**What you need to do**:
Look for "hornerE" in each line of the entries, and return the matching lines.

**Records provided**:
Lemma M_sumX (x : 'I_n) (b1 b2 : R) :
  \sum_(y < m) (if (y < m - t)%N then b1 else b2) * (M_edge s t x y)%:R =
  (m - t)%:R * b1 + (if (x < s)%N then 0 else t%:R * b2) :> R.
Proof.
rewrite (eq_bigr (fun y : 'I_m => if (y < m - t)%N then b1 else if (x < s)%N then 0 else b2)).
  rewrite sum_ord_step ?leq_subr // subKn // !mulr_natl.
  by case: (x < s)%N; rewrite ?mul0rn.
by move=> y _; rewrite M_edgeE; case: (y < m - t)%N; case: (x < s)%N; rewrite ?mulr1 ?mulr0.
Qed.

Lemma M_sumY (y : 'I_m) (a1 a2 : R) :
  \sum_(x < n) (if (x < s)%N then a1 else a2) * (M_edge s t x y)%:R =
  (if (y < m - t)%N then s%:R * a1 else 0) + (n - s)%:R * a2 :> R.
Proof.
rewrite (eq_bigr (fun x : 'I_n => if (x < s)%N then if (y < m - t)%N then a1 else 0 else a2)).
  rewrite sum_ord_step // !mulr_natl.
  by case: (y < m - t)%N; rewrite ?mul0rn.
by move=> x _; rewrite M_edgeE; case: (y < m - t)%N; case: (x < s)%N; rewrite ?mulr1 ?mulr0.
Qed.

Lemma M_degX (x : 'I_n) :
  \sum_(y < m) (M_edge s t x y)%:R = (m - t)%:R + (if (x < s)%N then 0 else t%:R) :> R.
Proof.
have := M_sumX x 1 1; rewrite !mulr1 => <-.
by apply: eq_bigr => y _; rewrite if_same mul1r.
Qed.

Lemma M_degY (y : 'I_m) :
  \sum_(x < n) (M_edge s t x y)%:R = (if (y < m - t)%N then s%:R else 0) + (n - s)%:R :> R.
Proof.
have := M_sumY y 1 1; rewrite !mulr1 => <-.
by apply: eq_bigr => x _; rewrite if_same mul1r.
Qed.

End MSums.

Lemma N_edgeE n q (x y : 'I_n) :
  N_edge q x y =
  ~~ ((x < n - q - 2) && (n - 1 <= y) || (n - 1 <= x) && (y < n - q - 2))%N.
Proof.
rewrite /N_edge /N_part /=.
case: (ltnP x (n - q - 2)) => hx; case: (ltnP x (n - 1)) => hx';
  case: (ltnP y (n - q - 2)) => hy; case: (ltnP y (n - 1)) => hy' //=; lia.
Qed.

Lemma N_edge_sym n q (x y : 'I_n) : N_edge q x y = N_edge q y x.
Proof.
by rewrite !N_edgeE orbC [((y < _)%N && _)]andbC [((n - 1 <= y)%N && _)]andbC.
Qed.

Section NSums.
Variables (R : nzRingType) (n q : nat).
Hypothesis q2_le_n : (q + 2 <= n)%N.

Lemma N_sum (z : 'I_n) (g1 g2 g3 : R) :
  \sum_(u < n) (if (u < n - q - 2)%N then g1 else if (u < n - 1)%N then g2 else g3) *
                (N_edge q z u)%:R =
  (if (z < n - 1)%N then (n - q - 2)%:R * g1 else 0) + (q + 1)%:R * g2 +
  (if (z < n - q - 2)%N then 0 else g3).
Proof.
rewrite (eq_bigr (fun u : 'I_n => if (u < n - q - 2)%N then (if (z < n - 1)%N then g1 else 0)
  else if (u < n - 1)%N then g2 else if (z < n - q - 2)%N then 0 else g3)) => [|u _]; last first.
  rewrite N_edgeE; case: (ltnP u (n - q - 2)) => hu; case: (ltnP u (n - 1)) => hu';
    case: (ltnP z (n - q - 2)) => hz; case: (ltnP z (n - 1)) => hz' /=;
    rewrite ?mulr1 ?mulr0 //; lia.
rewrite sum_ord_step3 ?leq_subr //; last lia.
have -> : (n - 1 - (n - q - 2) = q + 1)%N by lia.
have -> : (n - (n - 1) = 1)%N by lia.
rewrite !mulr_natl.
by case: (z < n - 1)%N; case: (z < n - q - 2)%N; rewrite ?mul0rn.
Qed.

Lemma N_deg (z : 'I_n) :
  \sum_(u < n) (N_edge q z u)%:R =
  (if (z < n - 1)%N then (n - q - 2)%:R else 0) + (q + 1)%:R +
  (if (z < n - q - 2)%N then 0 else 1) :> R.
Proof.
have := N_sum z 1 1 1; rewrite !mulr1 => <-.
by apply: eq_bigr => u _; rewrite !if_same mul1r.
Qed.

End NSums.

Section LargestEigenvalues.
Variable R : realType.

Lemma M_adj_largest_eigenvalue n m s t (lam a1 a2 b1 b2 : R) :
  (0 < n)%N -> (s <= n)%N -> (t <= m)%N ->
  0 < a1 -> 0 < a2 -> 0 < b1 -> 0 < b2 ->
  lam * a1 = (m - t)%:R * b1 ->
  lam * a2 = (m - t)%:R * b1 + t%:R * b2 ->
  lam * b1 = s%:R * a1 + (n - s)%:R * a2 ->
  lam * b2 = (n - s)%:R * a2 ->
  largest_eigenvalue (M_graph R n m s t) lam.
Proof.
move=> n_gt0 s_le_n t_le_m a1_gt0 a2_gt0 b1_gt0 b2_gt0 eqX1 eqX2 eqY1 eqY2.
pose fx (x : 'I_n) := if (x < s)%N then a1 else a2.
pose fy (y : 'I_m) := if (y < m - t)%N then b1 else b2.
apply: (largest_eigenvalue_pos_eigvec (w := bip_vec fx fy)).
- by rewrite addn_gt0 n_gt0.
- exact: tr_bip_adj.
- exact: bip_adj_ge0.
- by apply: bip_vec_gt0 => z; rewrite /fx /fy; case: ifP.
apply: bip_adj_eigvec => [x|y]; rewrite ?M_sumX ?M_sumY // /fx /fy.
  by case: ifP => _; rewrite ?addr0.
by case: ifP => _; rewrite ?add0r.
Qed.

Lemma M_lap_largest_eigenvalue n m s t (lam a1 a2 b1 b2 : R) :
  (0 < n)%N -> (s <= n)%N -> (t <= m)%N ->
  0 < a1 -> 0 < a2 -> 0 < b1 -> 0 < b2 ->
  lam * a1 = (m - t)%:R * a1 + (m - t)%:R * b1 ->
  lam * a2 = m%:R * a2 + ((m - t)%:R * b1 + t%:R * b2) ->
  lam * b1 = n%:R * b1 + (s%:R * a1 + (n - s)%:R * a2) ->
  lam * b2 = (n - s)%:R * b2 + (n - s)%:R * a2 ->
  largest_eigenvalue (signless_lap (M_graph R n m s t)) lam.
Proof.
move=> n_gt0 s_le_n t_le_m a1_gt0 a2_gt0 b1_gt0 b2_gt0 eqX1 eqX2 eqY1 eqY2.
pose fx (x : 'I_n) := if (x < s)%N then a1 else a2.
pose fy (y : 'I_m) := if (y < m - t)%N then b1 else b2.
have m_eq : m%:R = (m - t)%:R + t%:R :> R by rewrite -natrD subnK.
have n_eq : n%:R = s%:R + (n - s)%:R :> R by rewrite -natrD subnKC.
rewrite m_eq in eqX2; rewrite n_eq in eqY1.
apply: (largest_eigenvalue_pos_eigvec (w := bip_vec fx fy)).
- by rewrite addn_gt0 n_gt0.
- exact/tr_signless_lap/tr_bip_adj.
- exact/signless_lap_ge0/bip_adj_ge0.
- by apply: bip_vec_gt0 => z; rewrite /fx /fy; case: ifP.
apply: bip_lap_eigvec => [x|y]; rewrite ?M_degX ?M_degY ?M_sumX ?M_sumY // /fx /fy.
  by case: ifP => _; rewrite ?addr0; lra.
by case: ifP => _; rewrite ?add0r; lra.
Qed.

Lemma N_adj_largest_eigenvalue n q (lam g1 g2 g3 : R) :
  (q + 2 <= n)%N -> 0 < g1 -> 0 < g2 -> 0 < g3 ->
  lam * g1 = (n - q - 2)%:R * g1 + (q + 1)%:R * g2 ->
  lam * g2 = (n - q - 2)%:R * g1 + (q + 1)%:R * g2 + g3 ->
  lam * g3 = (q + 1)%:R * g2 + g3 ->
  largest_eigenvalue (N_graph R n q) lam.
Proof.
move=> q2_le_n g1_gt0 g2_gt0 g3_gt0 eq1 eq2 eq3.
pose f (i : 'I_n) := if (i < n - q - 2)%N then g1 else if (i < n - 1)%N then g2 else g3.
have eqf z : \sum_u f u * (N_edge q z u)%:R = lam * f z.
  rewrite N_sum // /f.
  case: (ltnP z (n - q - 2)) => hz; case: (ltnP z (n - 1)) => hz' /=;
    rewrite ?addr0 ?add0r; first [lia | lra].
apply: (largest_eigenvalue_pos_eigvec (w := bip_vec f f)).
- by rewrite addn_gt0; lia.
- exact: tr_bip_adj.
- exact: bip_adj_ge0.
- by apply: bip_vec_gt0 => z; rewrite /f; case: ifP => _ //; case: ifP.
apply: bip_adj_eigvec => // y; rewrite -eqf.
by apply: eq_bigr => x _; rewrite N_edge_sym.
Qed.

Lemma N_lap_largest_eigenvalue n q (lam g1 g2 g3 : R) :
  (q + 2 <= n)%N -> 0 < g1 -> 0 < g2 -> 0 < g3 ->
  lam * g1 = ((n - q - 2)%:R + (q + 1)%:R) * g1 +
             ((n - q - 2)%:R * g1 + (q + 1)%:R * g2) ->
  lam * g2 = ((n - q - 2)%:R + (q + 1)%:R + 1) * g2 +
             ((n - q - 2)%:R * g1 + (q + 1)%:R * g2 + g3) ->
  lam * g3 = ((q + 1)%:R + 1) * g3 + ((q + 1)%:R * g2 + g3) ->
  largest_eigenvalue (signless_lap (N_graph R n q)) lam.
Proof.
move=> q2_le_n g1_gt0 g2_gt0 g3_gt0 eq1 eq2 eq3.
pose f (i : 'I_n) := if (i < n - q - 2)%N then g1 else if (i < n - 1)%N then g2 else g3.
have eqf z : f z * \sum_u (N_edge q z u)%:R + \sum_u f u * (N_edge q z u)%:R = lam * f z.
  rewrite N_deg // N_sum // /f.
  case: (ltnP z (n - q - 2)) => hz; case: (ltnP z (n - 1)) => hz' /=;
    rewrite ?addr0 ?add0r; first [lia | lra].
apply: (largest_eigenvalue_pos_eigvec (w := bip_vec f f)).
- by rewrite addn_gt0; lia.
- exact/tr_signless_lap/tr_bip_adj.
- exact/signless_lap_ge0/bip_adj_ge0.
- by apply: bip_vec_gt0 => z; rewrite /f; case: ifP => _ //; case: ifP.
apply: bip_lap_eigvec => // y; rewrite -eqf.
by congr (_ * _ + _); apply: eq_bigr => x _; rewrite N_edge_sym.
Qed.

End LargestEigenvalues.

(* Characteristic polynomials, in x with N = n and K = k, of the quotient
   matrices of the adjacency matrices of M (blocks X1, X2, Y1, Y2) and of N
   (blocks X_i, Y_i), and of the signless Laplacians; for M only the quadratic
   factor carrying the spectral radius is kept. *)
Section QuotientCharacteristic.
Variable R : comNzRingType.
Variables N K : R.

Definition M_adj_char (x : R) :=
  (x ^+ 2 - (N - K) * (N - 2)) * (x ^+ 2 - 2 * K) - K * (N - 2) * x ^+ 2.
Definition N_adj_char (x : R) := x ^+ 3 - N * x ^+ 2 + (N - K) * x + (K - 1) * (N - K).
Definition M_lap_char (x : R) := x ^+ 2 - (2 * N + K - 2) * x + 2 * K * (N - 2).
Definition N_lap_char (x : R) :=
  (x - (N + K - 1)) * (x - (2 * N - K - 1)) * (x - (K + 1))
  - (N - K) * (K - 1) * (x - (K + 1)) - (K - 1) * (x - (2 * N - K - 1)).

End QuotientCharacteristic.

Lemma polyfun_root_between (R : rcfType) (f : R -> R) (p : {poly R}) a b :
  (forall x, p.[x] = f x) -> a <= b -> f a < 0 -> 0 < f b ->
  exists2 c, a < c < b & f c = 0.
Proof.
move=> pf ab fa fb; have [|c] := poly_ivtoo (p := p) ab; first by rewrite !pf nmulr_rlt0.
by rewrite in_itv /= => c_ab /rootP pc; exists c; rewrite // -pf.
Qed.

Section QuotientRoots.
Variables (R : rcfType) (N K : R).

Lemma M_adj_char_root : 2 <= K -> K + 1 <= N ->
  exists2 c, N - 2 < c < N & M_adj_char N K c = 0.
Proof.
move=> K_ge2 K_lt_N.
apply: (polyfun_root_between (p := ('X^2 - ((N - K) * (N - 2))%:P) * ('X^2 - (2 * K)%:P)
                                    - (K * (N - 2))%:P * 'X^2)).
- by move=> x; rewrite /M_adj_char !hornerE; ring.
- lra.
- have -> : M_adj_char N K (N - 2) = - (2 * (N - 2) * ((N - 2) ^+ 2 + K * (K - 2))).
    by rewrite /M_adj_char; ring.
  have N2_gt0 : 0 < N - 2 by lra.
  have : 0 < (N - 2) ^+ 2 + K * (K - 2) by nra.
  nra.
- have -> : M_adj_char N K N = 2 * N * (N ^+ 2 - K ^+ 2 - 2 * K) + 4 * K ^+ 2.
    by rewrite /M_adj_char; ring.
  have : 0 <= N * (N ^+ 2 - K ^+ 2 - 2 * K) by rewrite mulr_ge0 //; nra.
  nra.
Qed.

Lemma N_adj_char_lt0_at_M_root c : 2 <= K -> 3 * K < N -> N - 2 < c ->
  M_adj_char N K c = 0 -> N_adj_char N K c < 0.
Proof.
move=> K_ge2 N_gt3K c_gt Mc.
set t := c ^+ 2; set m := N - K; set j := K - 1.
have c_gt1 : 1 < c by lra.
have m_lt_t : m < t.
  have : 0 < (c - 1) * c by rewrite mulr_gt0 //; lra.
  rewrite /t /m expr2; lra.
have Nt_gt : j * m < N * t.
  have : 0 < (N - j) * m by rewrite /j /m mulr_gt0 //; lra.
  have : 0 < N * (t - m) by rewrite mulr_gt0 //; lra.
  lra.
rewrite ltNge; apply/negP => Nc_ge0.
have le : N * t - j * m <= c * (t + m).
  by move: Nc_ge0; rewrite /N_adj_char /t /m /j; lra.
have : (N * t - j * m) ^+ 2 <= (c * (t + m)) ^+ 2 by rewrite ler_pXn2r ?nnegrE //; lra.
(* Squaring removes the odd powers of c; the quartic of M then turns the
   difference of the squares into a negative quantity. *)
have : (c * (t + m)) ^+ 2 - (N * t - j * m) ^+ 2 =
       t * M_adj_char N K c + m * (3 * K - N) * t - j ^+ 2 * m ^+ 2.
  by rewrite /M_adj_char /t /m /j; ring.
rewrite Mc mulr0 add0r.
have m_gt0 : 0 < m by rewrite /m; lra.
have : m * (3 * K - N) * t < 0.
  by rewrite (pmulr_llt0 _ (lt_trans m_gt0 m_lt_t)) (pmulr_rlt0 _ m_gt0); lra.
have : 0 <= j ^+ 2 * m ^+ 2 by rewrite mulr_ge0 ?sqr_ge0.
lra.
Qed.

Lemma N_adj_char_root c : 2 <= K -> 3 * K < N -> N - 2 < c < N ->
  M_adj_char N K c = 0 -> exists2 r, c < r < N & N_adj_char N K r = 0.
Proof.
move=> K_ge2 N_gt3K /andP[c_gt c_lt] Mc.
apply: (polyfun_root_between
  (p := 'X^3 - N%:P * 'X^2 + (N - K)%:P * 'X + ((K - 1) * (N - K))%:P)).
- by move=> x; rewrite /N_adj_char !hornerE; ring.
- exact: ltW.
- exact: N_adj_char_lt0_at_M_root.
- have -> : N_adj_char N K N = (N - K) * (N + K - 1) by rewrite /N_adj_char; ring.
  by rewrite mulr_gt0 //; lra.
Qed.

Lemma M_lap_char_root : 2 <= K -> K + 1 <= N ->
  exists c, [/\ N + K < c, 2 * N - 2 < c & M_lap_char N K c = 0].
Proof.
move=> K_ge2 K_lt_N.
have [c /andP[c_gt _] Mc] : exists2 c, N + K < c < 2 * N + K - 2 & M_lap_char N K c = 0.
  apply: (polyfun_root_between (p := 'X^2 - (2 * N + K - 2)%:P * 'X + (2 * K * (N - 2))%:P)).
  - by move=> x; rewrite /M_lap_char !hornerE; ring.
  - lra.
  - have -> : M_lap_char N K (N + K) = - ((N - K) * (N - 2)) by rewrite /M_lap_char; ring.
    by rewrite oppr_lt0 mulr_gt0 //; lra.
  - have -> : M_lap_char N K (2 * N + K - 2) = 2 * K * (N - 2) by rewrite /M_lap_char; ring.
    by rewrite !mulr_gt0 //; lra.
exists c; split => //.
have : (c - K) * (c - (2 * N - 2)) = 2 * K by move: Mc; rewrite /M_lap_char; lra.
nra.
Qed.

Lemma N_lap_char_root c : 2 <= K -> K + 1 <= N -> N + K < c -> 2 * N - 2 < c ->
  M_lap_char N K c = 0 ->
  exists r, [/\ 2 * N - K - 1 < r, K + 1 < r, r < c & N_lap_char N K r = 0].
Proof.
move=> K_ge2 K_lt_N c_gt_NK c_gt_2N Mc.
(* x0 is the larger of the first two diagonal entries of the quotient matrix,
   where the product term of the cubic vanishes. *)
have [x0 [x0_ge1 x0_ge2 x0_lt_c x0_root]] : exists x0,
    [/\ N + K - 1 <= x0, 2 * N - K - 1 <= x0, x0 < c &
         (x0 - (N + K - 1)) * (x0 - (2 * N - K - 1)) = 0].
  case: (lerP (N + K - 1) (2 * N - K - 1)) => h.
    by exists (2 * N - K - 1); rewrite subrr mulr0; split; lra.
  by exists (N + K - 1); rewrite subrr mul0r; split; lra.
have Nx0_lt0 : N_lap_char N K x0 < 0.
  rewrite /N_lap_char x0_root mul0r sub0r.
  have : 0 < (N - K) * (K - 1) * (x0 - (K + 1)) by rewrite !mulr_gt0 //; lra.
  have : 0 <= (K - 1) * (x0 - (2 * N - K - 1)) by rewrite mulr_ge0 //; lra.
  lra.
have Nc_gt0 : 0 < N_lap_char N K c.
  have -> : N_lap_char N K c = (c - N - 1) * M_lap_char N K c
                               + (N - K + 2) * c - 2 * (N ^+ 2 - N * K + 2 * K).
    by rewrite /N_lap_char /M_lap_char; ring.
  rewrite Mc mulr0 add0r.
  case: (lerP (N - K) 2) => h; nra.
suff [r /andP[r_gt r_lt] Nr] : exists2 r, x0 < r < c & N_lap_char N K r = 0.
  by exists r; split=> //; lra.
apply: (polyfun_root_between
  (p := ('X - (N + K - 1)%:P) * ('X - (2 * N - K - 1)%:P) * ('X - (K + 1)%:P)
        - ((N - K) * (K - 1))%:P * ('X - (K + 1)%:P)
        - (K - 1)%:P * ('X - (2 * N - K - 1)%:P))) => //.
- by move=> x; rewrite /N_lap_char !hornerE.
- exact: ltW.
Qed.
--
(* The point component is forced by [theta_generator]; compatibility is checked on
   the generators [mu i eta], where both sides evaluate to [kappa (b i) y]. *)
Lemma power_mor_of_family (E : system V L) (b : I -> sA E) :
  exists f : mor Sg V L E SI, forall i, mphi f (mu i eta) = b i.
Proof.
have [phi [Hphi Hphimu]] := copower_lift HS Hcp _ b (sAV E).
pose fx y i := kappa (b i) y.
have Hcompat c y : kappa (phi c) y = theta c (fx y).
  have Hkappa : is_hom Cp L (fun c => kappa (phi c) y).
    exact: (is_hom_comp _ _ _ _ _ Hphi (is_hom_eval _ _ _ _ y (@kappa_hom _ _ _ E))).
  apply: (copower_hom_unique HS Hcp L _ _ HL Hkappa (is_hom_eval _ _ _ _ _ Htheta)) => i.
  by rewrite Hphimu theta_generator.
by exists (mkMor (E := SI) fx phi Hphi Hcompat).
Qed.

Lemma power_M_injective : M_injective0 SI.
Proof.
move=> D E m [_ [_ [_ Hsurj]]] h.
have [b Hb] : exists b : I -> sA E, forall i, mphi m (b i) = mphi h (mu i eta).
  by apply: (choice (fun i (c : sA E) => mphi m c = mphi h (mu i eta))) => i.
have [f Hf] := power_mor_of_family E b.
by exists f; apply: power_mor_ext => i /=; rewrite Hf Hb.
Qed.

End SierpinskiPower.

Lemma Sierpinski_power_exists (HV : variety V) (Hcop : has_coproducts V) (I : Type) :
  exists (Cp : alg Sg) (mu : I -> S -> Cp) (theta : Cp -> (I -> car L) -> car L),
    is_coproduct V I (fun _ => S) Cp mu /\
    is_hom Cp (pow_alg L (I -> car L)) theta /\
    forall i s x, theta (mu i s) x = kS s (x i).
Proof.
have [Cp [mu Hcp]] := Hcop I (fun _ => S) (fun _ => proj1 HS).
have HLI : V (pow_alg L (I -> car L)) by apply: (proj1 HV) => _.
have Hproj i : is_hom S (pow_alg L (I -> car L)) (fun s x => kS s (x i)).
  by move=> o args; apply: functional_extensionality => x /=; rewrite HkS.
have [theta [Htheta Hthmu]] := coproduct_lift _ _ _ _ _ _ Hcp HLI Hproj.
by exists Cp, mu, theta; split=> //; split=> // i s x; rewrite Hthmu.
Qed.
--
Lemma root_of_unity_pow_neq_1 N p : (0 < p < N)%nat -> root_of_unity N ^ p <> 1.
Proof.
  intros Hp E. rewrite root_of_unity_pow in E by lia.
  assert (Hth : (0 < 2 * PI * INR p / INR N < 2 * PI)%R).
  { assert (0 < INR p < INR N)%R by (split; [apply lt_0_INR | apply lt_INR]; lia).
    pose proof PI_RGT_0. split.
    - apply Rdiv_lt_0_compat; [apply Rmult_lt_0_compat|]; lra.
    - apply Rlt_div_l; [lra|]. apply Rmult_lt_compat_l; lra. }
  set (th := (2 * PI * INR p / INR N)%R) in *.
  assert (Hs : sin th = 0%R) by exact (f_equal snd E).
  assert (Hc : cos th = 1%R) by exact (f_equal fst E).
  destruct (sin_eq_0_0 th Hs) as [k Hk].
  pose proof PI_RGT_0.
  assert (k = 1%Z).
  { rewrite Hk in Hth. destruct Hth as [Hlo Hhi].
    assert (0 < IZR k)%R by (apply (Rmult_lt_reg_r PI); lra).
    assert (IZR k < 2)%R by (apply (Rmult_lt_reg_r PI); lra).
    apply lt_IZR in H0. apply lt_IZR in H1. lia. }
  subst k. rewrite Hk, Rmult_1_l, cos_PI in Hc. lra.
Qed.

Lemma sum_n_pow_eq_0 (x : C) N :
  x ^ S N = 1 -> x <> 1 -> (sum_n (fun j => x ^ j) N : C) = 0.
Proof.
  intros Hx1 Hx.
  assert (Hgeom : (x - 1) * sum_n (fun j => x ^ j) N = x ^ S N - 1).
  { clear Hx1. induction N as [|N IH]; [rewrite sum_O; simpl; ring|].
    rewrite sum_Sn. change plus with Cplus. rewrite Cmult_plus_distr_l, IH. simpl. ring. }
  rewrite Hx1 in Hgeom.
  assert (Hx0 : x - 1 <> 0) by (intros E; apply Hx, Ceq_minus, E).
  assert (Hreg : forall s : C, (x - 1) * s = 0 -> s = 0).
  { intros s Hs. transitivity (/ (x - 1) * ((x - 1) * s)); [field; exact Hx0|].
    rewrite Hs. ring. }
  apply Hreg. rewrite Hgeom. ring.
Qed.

**Answer section**:
- by move=> x; rewrite /M_adj_char !hornerE; ring.
- by move=> x; rewrite /N_adj_char !hornerE; ring.
  - by move=> x; rewrite /M_lap_char !hornerE; ring.
- by move=> x; rewrite /N_lap_char !hornerE.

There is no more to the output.